In contemporary art, numerous great classic masterpieces originated from uncertainties; the reason why these works are soul-stirring is that the uncertainty lying in the creation process reveals the figure of the artist moving towards the unknown. Although Jackson Pollock creates his works on a canvas whose range is definite, his action painting by means of “dropping” is still full of uncertainties with body replacing visual logic and entering the world where his bodily activities are spontaneously occurring.

Eva Hesse, a well-noted contemporary female artist, once used glass fiber, a material which makes it unpredictable to turn gas into solid, to represent irregular shapes randomly and to transfer the spatial state of the place where she creates her works; her works are affecting since they faithfully recorded the creation process and her manner of life taken on through materials.

In Passages in Modern Sculpture, Rosalind Krauss named this kind of art “process art”. Indicated by her, “process art” concerns the shape transformation process in which the shape is refined through dissolution and rebuilt via stacking; in the process of rebuilding, the completed artistic items or sculptures are endowed with an image of anthropology; while concentrating on the material transformation process, an artist gets into a seemingly original sculptural space which he creates on his own.

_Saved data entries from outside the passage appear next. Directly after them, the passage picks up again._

(* For every $v\in\mathbb C$, in the ring of formal power series in $D$, \[ \Bigl(1-\tfrac{Y_{n-2}(v+4)}{Y_{n-1}(v+5)Y_n(v+5)}D^2\Bigr)\Bigl(1-\tfrac{Y_{n-1}(v+3)}{Y_n(v+5)}D^2\Bigr)\Bigl(1-\tfrac{Y_n(v+3)}{Y_n(v+7)}D^4\Bigr)^{-1}\Bigl(1-\tfrac{Y_n(v+3)}{Y_{n-1}(v+5)}D^2\Bigr)\Bigl(1-\tfrac{Y_{n-1}(v+3)Y_n(v+3)}{Y_{n-2}(v+4)}D^2\Bigr) \] \[ =1-\sum_{j\ge0}\Bigl(k_{n-1}(v+4j+5)h_n(v+3)+(1-\delta_{j0})k_n(v+4j+5)h_{n-1}(v+3)\Bigr)D^{4j+2} \] \[ \quad+\sum_{j\ge0}\Bigl(k_{n-1}(v+4j+7)h_{n-1}(v+3)+k_n(v+4j+7)h_n(v+3)-\delta_{j0}\tfrac{Y_{n-2}(v+4)}{Y_{n-2}(v+6)}\Bigr)D^{4j+4}. \]
   Context: Fix $n\ge4$. Let $Q_a(u)$ ($1\le a\le n$, $u\in\mathbb C$) be algebraically independent commuting indeterminates and $Y_a(u)=Q_a(u-1)/Q_a(u+1)$, $\mathcal Y=\mathbb Z[Y_a(u)^{\pm1}]$. Formal power series $\sum_{j\ge0}c_j(u)D^j$ with $c_j(u)$ in the fraction field of $\mathcal Y$ are multiplied using $D\,c(u)=c(u+1)D$ (here all coefficients depend on the parameter $v$, and $D\,c(v)=c(v+1)D$); $(1-cD^4)^{-1}=\sum_{k\ge0}(cD^4)^k$. For $a\in\{n-1,n\}$: $h_a(u)=Y_a(u)+\frac{Y_{n-2}(u+1)}{Y_a(u+2)}$ and $k_a(u)=Y_a(u)^{-1}+\frac{Y_a(u-2)}{Y_{n-2}(u-1)}$. *)

From Stdlib Require Import Reals ZArith.
From Coquelicot Require Import Complex.
From mathcomp Require Import all_boot all_algebra.
From mathcomp Require Import mpoly.

Set Implicit Arguments.
Unset Strict Implicit.
Unset Printing Implicit Defensive.

Import GRing.Theory.
Local Open Scope ring_scope.

Definition sh (u : C) (z : Z) : C := Cplus u (RtoC (IZR z)).

Section QSystem.
Variable K : fieldType.

Definition alg_indep (n : nat) (Q : nat -> C -> K) : Prop :=
  forall (k : nat) (idx : 'I_k -> nat * C),
    injective idx ->
    (forall i, (1 <= (idx i).1 <= n)%N) ->
    forall p : {mpoly int[k]},
      (map_mpoly (fun z : int => z%:~R : K) p).@[fun i => Q (idx i).1 (idx i).2] = 0 ->
      p = 0.

Variable Q : nat -> C -> K.

Definition Y (a : nat) (u : C) : K := Q a (sh u (-1)) / Q a (sh u 1).

(* h_a, k_a for a in {n-1, n} (n-2 is passed as m2) *)
Definition hfun (m2 a : nat) (u : C) : K := Y a u + Y m2 (sh u 1) / Y a (sh u 2).
Definition kfun (m2 a : nat) (u : C) : K := (Y a u)^-1 + Y a (sh u (-2)) / Y m2 (sh u (-1)).

(* Formal power series sum_j c_j(v) D^j, coefficients depending on v,
   with D c(v) = c(v+1) D. *)
Definition ps := nat -> C -> K.

Definition ps_one : ps := fun m _ => (m == 0)%:R.
Definition ps_mono (c : C -> K) (d : nat) : ps := fun m v => if m == d then c v else 0.
Definition ps_sub (a b : ps) : ps := fun m v => a m v - b m v.
Definition ps_mul (a b : ps) : ps :=
  fun m v => \sum_(i < m.+1) a i v * b (m - i)%N (sh v (Z.of_nat i)).
Definition ps_pow (X : ps) (k : nat) : ps := iter k (ps_mul X) ps_one.
Definition one_minus (c : C -> K) (d : nat) : ps := ps_sub ps_one (ps_mono c d).
(* (1 - c D^d)^{-1} := sum_{k >= 0} (c D^d)^k  (for d >= 1 the k-th term
   only contributes in degrees >= k, so the coefficient of D^m is a finite sum) *)
Definition geom_inv (c : C -> K) (d : nat) : ps :=
  fun m v => \sum_(k < m.+1) ps_pow (ps_mono c d) k m v.

End QSystem.

(* The two leftmost factors multiply to 1 - alpha D^2 + beta D^4, and the geometric series
   (1 - Y_n(v+3)/Y_n(v+7) D^4)^{-1} telescopes: its D^(4j) coefficient is Y_n(v+3)/Y_n(v+4j+3).
   Multiplying out, the D^m coefficient of the left-hand side is a rational expression in the
   values Y_a(v+c) and Y_a(v+m+c) for finitely many constants c, whose shape depends only on
   m mod 4 once m >= 8.  The identity thus reduces to twelve identities of rational functions
   (m < 8 and the four residues), valid since every Y_a(u) is nonzero: a vanishing Q_a(u) would
   contradict algebraic independence. *)

From Stdlib Require Import Reals ZArith.
From Coquelicot Require Import Complex.
From mathcomp Require Import all_boot all_algebra.
From mathcomp Require Import mpoly.
From mathcomp Require Import ring zify.
Import GRing.Theory.
Local Open Scope ring_scope.

Local Notation shn u k := (sh u (Z.of_nat k)).

Lemma sh_add (u : C) (a b : Z) : sh (sh u a) b = sh u (Z.add a b).
Proof. by rewrite /sh -Cplus_assoc -RtoC_plus -plus_IZR. Qed.

Lemma sh0 (u : C) : sh u Z0 = u.
Proof. by rewrite /sh Cplus_0_r. Qed.

Lemma shn_add (u : C) (a b : nat) : shn (shn u a) b = shn u (a + b)%N.
Proof. by rewrite sh_add -Nat2Z.inj_add. Qed.

Ltac decide_bool b :=
  first [have -> : b = true by apply/idP; lia | have -> : b = false by apply/negbTE; lia].

Ltac decide_conditions :=
  repeat match goal with
  | |- context[if ?b then _ else _] => decide_bool b
  | |- context[nat_of_bool ?b] => decide_bool b
  end.

Section PowerSeries.
Context {K : fieldType}.
Implicit Types (a b : ps K) (c y : C -> K).

Lemma sum_ord_if_eq (m j : nat) (F : nat -> K) :
  \sum_(i < m) (if i == j :> nat then F i else 0) = if (j < m)%N then F j else 0.
Proof. by rewrite -big_mkcond big_ord1_eq. Qed.

Lemma ps_mulr1 a m v : ps_mul a (ps_one K) m v = a m v.
Proof.
rewrite /ps_mul /ps_one (bigD1 ord_max) //= subnn mulr1 big1 ?addr0 // => i.
rewrite -val_eqE /= => /negbTE im; have := ltn_ord i; rewrite ltnS => ilem.
by rewrite (_ : (m - i == 0)%N = false) ?mulr0 //; apply/negbTE; lia.
Qed.

Lemma ps_mul_monor a c d m v :
  ps_mul a (ps_mono c d) m v =
  if (d <= m)%N then a (m - d)%N v * c (shn v (m - d)) else 0.
Proof.
rewrite /ps_mul /ps_mono.
set t := (if (d <= m)%N then _ else _).
have := sum_ord_if_eq m.+1 (m - d) (fun=> t); rewrite ltnS leq_subr => <-.
apply: eq_bigr => i _; have := ltn_ord i; rewrite ltnS => ilem.
rewrite /t; case: (ltnP m d) => [md|dm].
  by rewrite (_ : (m - i == d)%N = false) ?mulr0 ?if_same //; apply/negbTE; lia.
case: (eqVneq (i : nat) (m - d)%N) => [->|ne]; first by rewrite subKn // eqxx.
by rewrite (_ : (m - i == d)%N = false) ?mulr0 //; apply/negbTE; lia.
Qed.

Lemma ps_mul_subr a b b' m v :
  ps_mul a (ps_sub b b') m v = ps_mul a b m v - ps_mul a b' m v.
Proof. by rewrite /ps_mul -sumrB; apply: eq_bigr => i _; rewrite mulrBr. Qed.

Lemma ps_mul_one_minus a c d m v :
  ps_mul a (one_minus c d) m v =
  a m v - (if (d <= m)%N then a (m - d)%N v * c (shn v (m - d)) else 0).
Proof. by rewrite ps_mul_subr ps_mulr1 ps_mul_monor. Qed.

Lemma ps_mul_monol c b d m v :
  ps_mul (ps_mono c d) b m v =
  if (d <= m)%N then c v * b (m - d)%N (shn v d) else 0.
Proof.
have := sum_ord_if_eq m.+1 d (fun j => c v * b (m - j)%N (shn v j)).
rewrite ltnS => <-; rewrite /ps_mul /ps_mono.
by apply: eq_bigr => i _; case: eqP => [->|]; rewrite ?mul0r.
Qed.

Lemma ps_mul_one_minus_one_minus c c' d m v : (0 < d)%N ->
  ps_mul (one_minus c d) (one_minus c' d) m v =
  (m == 0)%:R - (if m == d then c v + c' v else 0)
  + (if m == d.*2 then c v * c' (shn v d) else 0).
Proof.
move=> d_gt0; rewrite ps_mul_one_minus /one_minus /ps_sub /ps_one /ps_mono.
have [lt_md|[k ->]] : (m < d)%N \/ exists k, m = (k + d)%N.
- by case: (ltnP m d) => [|le_dm]; [left | right; exists (m - d)%N; rewrite subnK].
- by decide_conditions; rewrite /= !subr0 addr0.
rewrite addnK; case: (eqVneq k 0) => [->|k_neq0]; first by decide_conditions; rewrite sh0 /=; ring.
case: (eqVneq k d) => [->|k_neqd]; decide_conditions; rewrite /=; ring.
Qed.

Lemma ps_mul_trinomial a b al be d m v :
  (forall i, a i v = (i == 0)%:R - (if i == d then al else 0)
                     + (if i == d.*2 then be else 0)) ->
  ps_mul a b m v =
  b m v - (if (d <= m)%N then al * b (m - d)%N (shn v d) else 0)
  + (if (d.*2 <= m)%N then be * b (m - d.*2)%N (shn v d.*2) else 0).
Proof.
move=> aE; rewrite /ps_mul.
under eq_bigr => i _ do
  rewrite aE mulrDl mulrBl mulr_natl mulrb !(fun_if (fun x => x * _)) !mul0r.
rewrite big_split sumrB /= (sum_ord_if_eq _ _ (fun i => b (m - i)%N (shn v i))).
rewrite (sum_ord_if_eq _ _ (fun i => al * b (m - i)%N (shn v i))).
by rewrite (sum_ord_if_eq _ _ (fun i => be * b (m - i)%N (shn v i))) subn0 sh0 !ltnS.
Qed.

Section Telescoping.
Variables (y c : C -> K) (d : nat).
Hypotheses (y_neq0 : forall u, y u != 0) (cE : forall u, c u = y u / y (shn u d)).

Lemma ps_pow_mono_telescope j m u :
  ps_pow (ps_mono c d) j m u = if m == (d * j)%N then y u / y (shn u (d * j)) else 0.
Proof.
elim: j m u => [|j IHj] m u.
  by rewrite muln0 /= /ps_one; case: (m == 0); rewrite ?sh0 ?mulfV.
rewrite /ps_pow iterS -/(ps_pow _ j) ps_mul_monol IHj shn_add cE mulnS.
case: (eqVneq m (d + d * j)%N) => [->|ne]; first by decide_conditions; rewrite mulrA divfK.
by case: leqP => // le_dm; decide_conditions; rewrite mulr0.
Qed.

Lemma geom_inv_telescope m u : (0 < d)%N ->
  geom_inv c d m u = if (d %| m)%N then y u / y (shn u m) else 0.
Proof.
move=> d_gt0; rewrite /geom_inv.
have := sum_ord_if_eq m.+1 (m %/ d) (fun=> if (d %| m)%N then y u / y (shn u m) else 0).
rewrite ltnS leq_div => <-; apply: eq_bigr => j _.
rewrite ps_pow_mono_telescope; move: (nat_of_ord j) => {}j.
have -> : (m == d * j)%N = (d %| m)%N && (j == m %/ d)%N.
  apply/eqP/andP => [->|[/divnK mE /eqP jE]]; first by rewrite dvdn_mulr // mulKn.
  by rewrite -mE jE mulnC.
case: (eqVneq j (m %/ d)%N) => [->|_]; last by rewrite andbF.
by rewrite andbT; case: ifP => // /divnK; rewrite mulnC => ->.
Qed.

End Telescoping.

End PowerSeries.

Section QSystemNonvanishing.
Context {n : nat} {K : fieldType} {Q : nat -> C -> K}.
Hypothesis Q_indep : alg_indep n Q.

Lemma alg_indep_Q_neq0 a w : (0 < a <= n)%N -> Q a w != 0.
Proof.
move=> a_range; apply/eqP => Q0.
have inj : injective (fun _ : 'I_1 => (a, w)) by move=> i j _; rewrite (ord1 i) (ord1 j).
have := @Q_indep 1 _ inj (fun _ => a_range) 'X_ord0.
rewrite map_mpolyX mevalXU => /(_ Q0) /(congr1 (meval (fun=> 1))).
by rewrite mevalXU meval0 => /eqP; rewrite oner_eq0.
Qed.

Lemma Y_neq0 a w : (0 < a <= n)%N -> Y Q a w != 0.
Proof. by move=> a_range; rewrite /Y mulf_neq0 ?invr_eq0 ?alg_indep_Q_neq0. Qed.

End QSystemNonvanishing.

Ltac field_using_Y_neq0 hQ := rewrite ?mulr0n ?mulr1n; field; rewrite ?(Y_neq0 hQ) //; lia.

Ltac normalize_closed_shifts v :=
  repeat match goal with
  | |- context[sh v ?z] => let c := eval vm_compute in z in progress change z with c
  end.

(* Rewrites each point [sh v z] depending on [m] as [sh w c] with [w := shn v m] and a numeral
   [c] read off by evaluating [z] at the sample value [m0]; [m0] must satisfy the hypotheses on
   [m] in context (truncated subtractions and [m %/ 4] make [z - m] depend on them), and [lia]
   checks each rewrite. *)
Ltac normalize_shifts v m m0 :=
  let w := fresh "w" in
  pose w := shn v m;
  repeat match goal with
  | |- context[sh v ?z] =>
      lazymatch z with
      | context[m] =>
          lazymatch eval pattern m in z with
          | ?F _ =>
              let c := eval vm_compute in (Z.sub (F m0) (Z.of_nat m0)) in
              rewrite (_ : sh v z = sh w c); last by rewrite /w sh_add; f_equal; lia
          end
      end
  end;
  normalize_closed_shifts v.

Theorem mainTheorem14 (n : nat) (hn : (4 <= n)%N) (K : fieldType)
  (Q : nat -> C -> K) (hQ : alg_indep n Q) (v : C) :
  let Y := Y Q in
  let h := hfun Q (n - 2)%N in
  let k := kfun Q (n - 2)%N in
  let s (z : nat) (u : C) := sh u (Z.of_nat z) in
  let LHS :=
    ps_mul
      (ps_mul
        (ps_mul
          (ps_mul
            (one_minus (fun u => Y (n - 2)%N (s 4%N u) / (Y (n - 1)%N (s 5%N u) * Y n (s 5%N u))) 2)
            (one_minus (fun u => Y (n - 1)%N (s 3%N u) / Y n (s 5%N u)) 2))
          (geom_inv (fun u => Y n (s 3%N u) / Y n (s 7%N u)) 4))
        (one_minus (fun u => Y n (s 3%N u) / Y (n - 1)%N (s 5%N u)) 2))
      (one_minus (fun u => Y (n - 1)%N (s 3%N u) * Y n (s 3%N u) / Y (n - 2)%N (s 4%N u)) 2) in
  let RHS (m : nat) (u : C) : K :=
    (m == 0)%:R
    - (if (m %% 4 == 2)%N then
         let j := (m %/ 4)%N in
         k (n - 1)%N (s (4 * j + 5)%N u) * h n (s 3%N u)
         + (1 - (j == 0)%:R) * (k n (s (4 * j + 5)%N u) * h (n - 1)%N (s 3%N u))
       else 0)
    + (if (m %% 4 == 0)%N && (0 < m)%N then
         let j := (m %/ 4 - 1)%N in
         k (n - 1)%N (s (4 * j + 7)%N u) * h (n - 1)%N (s 3%N u)
         + k n (s (4 * j + 7)%N u) * h n (s 3%N u)
         - (j == 0)%:R * (Y (n - 2)%N (s 4%N u) / Y (n - 2)%N (s 6%N u))
       else 0) in
  forall m : nat, LHS m v = RHS m v.
Proof.
cbv beta zeta => m.
have geomE m' u : geom_inv (fun u => Y Q n (shn u 3) / Y Q n (shn u 7)) 4 m' u =
    if (4 %| m')%N then Y Q n (shn u 3) / Y Q n (shn (shn u m') 3) else 0.
  apply: (geom_inv_telescope (fun u => Y Q n (shn u 3))) => // w; last by rewrite shn_add.
  by apply: (Y_neq0 hQ); lia.
rewrite !ps_mul_one_minus !(ps_mul_trinomial _ _ _ _ _ _ _ (fun i => ps_mul_one_minus_one_minus _ _ _ i v _)) //.
rewrite !geomE /kfun /hfun !shn_add !sh_add.
(* From [m = 8] on, which branch each coefficient takes depends only on [m %% 4]. *)
case: (ltnP m 8) => [m_lt8|m_ge8].
  case: m m_lt8 => [|[|[|[|[|[|[|[|m]]]]]]]] // _;
    decide_conditions; normalize_closed_shifts v; field_using_Y_neq0 hQ.
have [r r_lt4 mr] : exists2 r, (r < 4)%N & (m %% 4)%N = r by exists (m %% 4)%N; rewrite ?ltn_mod.
case: r r_lt4 mr => [|[|[|[|r]]]] // _ mr; decide_conditions;
  [normalize_shifts v m 8%N | normalize_shifts v m 9%N
  | normalize_shifts v m 10%N | normalize_shifts v m 11%N]; field_using_Y_neq0 hQ.
Qed.
Theorem proposition2 (R : realFieldType) (T : finType) (rhd : lorder T)
    (nu : lorder T -> R) (phi phi' : T -> T -> R) (p p' : T -> {set T} -> R)
    (x y z : T) :
  persistent_craving_rep rhd nu phi ->
  persistent_craving_rep rhd nu phi' ->
  rcr_of rhd nu phi p ->
  rcr_of rhd nu phi' p' ->
  y != x ->
  M rhd (~: [set x]) = Some z ->
  y != z ->
  (p' y setT - p' y (~: [set x]) < p y setT - p y (~: [set x]) <->
   phi' z x < phi z x).
Proof.
move=> rep rep' rcr rcr' yx Mz yz.
have xy : x != y by rewrite eq_sym.
have zy : z != y by rewrite eq_sym.
have yA : y \in ~: [set x] by rewrite !inE.
have xA : x \notin ~: [set x] by rewrite !inE eqxx.
have MxX := M_crave_in rhd (in_setT x).
have MxA := M_crave_notin xA Mz.
rewrite (choice_prob_single_reset rep rcr (subsetT _) (in_setT y) yx MxX xy).
rewrite (choice_prob_single_reset rep' rcr' (subsetT _) (in_setT y) yx MxX xy).
rewrite (choice_prob_single_reset rep rcr (subxx _) yA yx MxA zy).
rewrite (choice_prob_single_reset rep' rcr' (subxx _) yA yx MxA zy).
case: rep rep' => [mono pers] [_ pers'].
have [[_ _ phi_xx _] [_ _ phi'_xx _]] := (pers x x, pers' x x).
have [[q_ge0 q_lt1 _ _] [q'_ge0 q'_lt1 _ _]] := (pers z x, pers' z x).
rewrite phi_xx phi'_xx !stationary_scale0 ltrD2l ltrN2.
have nu_x_gt0 := craving_monotonic_gt0 mono xy.
by rewrite ltr_pM2l ?(craving_monotonic_gt0 mono yx) // stationary_scale_lt.
Qed.
Lemma max_feasible_next_pile u v : u \in I -> v \in I -> u < v ->
  exists w, [/\ w \in I, pile_of w = (pile_of u).+1, w <= v & u < w /\ a u < a w].
Proof.
case: I_max => I_sub I_feas _ uI vI lt_uv.
have /(max_feasible_meets_pile vI) [w [wI pile_w le_wv]] : 0 < (pile_of u).+1 <= pile_of v.
  by rewrite (feasible_pile_of_lt I_sub I_feas uI vI lt_uv).
exists w; split=> //; apply: (feasible_pile_of_ltP I_sub I_feas uI wI).
by rewrite pile_w.
Qed.

End MaxFeasible.

Lemma pile_mem_in_range s x : 0 < s -> x \in P s -> in_range n x.
Proof.
move=> s_gt0 x_in; rewrite /in_range (pile_mem_le x_in) andbT lt0n.
by apply: contraTneq s_gt0 => x0; rewrite -(pile_ofE x_in) x0 pile_of0.
Qed.

Lemma pile_edge s x y : 0 < s -> x \in P s -> y \in P s -> x != y -> pg_edge n a x y.
Proof.
move=> s_gt0 x_in y_in neq_xy.
have decr u v : u \in P s -> v \in P s -> u < v -> a v < a u.
  move=> u_in v_in; rewrite -(aval_in_range a (pile_mem_in_range s_gt0 u_in)).
  rewrite -(aval_in_range a (pile_mem_in_range s_gt0 v_in)).
  apply: pile_of_aval_decr (pile_mem_le u_in) (pile_mem_le v_in) _.
  by rewrite (pile_ofE u_in) (pile_ofE v_in).
rewrite /pg_edge !(pile_mem_in_range s_gt0) //=.
case: (ltngtP x y) => [lt_xy | lt_yx | eq_xy].
- by rewrite (decr x y).
- by rewrite (decr y x) ?orbT.
- by rewrite eq_xy eqxx in neq_xy.
Qed.

Lemma bipartite_pile_pair s u v : bipartite_pg n a -> 0 < s -> u \in P s -> v \in P s -> u != v ->
  perm_eq (P s) [:: u; v].
Proof.
move=> [c c_proper] s_gt0 u_in v_in neq_uv.
apply: uniq_perm; rewrite ?(uniq_pile inv) /= ?inE ?neq_uv // => z.
rewrite !inE; apply/idP/idP => [z_in | /orP [] /eqP ->] //.
apply: contraTT isT; rewrite negb_or => /andP [neq_zu neq_zv].
have := c_proper _ _ (pile_edge s_gt0 u_in v_in neq_uv).
have := c_proper _ _ (pile_edge s_gt0 z_in u_in neq_zu).
have := c_proper _ _ (pile_edge s_gt0 z_in v_in neq_zv).
by case: (c u); case: (c v); case: (c z).
Qed.

End Piles.
(* Suppose Assumptions 1, 2 and 3 hold and $\delta_{2r}=c_0/\sqrt r$ for a sufficiently small constant $c_0$. Let $U^{(\lambda)}$ be a point satisfying the first- and second-order necessary conditions for a local minimum of $f^{(\lambda)}$. Then on the event $\mathcal{E}_{\mathsf{Good}}$, \[ \frac{1}{\sqrt{dr}}\|U^{(\lambda)}U^{(\lambda)\top}-M\|_F\le C\sigma \] for a constant $C$ depending on the assumptions. In particular, $\|U^{(\lambda)}U^{(\lambda)\top}-M\|_F<\lambda/(2\delta_{2r})$.
   Context: Setting. Let $d,n,r$ be positive integers and $\sigma>0$. $\mathsf{GOE}(d)$ denotes the law of a symmetric $d\times d$ matrix whose diagonal entries are i.i.d. $N(0,1)$ and whose entries above the diagonal are i.i.d. $N(0,1/2)$, independent of the diagonal. One observes $(y_i,X_i)$, $i=1,\dots,n$, with $y_i=n^{-1/2}\langle X_i,M\rangle+\varepsilon_i$, where $\langle\cdot,\cdot\rangle$ is the Frobenius inner product, $X_i\sim\mathsf{GOE}(d)$, $\varepsilon_i\sim N(0,\sigma^2)$, all mutually independent, and $M$ is a symmetric positive semidefinite matrix of rank $r$. Define $\mathcal{X}(A)_i=n^{-1/2}\langle X_i,A\rangle$. For $U\in\mathbb{R}^{d\times r}$, $f^{(\lambda)}(U)=\frac14\sum_{i=1}^n(y_i-n^{-1/2}\langle X_i,UU^\top\rangle)^2+\frac{\lambda}{2}\|U\|_F^2$. Assumption 1: $M=\sqrt d\,V\Lambda V^\top$ with $V\in\mathbb{R}^{d\times r}$ having orthonormal columns and $\Lambda$ an $r\times r$ positive diagonal matrix whose smallest entry $\lambda_r$ satisfies $C_1\sqrt r<\lambda_r/\sigma<C_2\sqrt r$ for sufficiently large constants $C_1,C_2$; moreover $\|M\|/(\lambda_r\sqrt d)\le\kappa$ with $\kappa=O(1)$, and $\sigma\ge\sigma_{\min}>c>0$. Assumption 2: $\gamma_n:=n/(dr)$ satisfies $\gamma_n\ge C_3 r$ for a sufficiently large constant $C_3$. Assumption 3: $C_4\sqrt d\le\lambda/\sigma\le C_5\sqrt d$ for constants $C_4,C_5$. For a fixed constant $\delta_{2r}>0$, $\mathcal{E}_{\mathsf{Good}}$ is the intersection of the events: (i) $\|\frac1n\sum_i\varepsilon_iX_i\|\le 8\sigma\sqrt{d/n}$ (spectral norm); (ii) $(1-\delta_{2r})\|A\|_F^2\le\|\mathcal{X}(A)\|^2\le(1+\delta_{2r})\|A\|_F^2$ for all symmetric $A$ of rank at most $2r$; (iii) $|\frac1n\sum_i\varepsilon_i\langle X_i,A\rangle|\le C\sigma\sqrt{dr/n}\,\|A\|_F$ for all symmetric $A$ of rank at most $2r$. *)

From HB Require Import structures.
From mathcomp Require Import all_boot all_order all_algebra.
From mathcomp Require Import all_classical all_reals all_analysis.
Set Implicit Arguments. Unset Strict Implicit. Unset Printing Implicit Defensive.
Import Order.TTheory GRing.Theory Num.Theory.
Local Open Scope ring_scope.

Section Defs.
Variable R : realType.

Definition frob {m k : nat} (A B : 'M[R]_(m, k)) : R :=
  \sum_(i < m) \sum_(j < k) A i j * B i j.

Definition frobn {m k : nat} (A : 'M[R]_(m, k)) : R := Num.sqrt (frob A A).

Definition vnorm {m : nat} (x : 'cV[R]_m) : R := Num.sqrt (\sum_(i < m) x i 0 ^+ 2).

We can also notice the spirit of process art in the works of Hsu Yung-hsu. In the shape transformation process, the artist furnishes us with a whole-new experience of the appreciation of beauty which no longer abides by the original visual logic but moves toward a direction of the original visual logic, leading us to repropose an attitude towards appreciation of beauty under the situation that no rules can be followed. That is, when it comes to Hsu Yung-hsu’s works, we can only appreciate with our eyes if we merely focus on their shapes; however, if we can move from the superficial shape to the artistic conception, our bodies will enter an undefined world along with the works. In other words, the artist grants us the space and time taking place in his works.

Perhaps we have been in a space provided by the work, but we may not be able to take part in its creation process. Although the works of Hsu Yung-hsu establish themselves in an existing space, this space is redefined and developed into a new space where people can live in solitude. These clay sculptures lead us into a space which we can redefine via our own bodies.

Probably we have long been drifting along in a determined time; however, once we come into the world of Hsu’s works, we will discover another definition of time. Through every repeated movement of his palms and fingers kneading the clay stripes, the artist stores the affection of fingers and the timing of the affection. His creations reserves the physical time blended with sorrow and joy. This “time”, which is defined by the artist via his own body, brings us into the time experience totally different from the reality.

For the reason that Hsu Yung-hsu’s artistic creations not only exceed the limits of his own body but also take us into a state of life in which space and time can be redefined and physical creativity can be regained, we reckon his works as clay forming, a physical labor, and a manner of life which can be named “physical tapas”.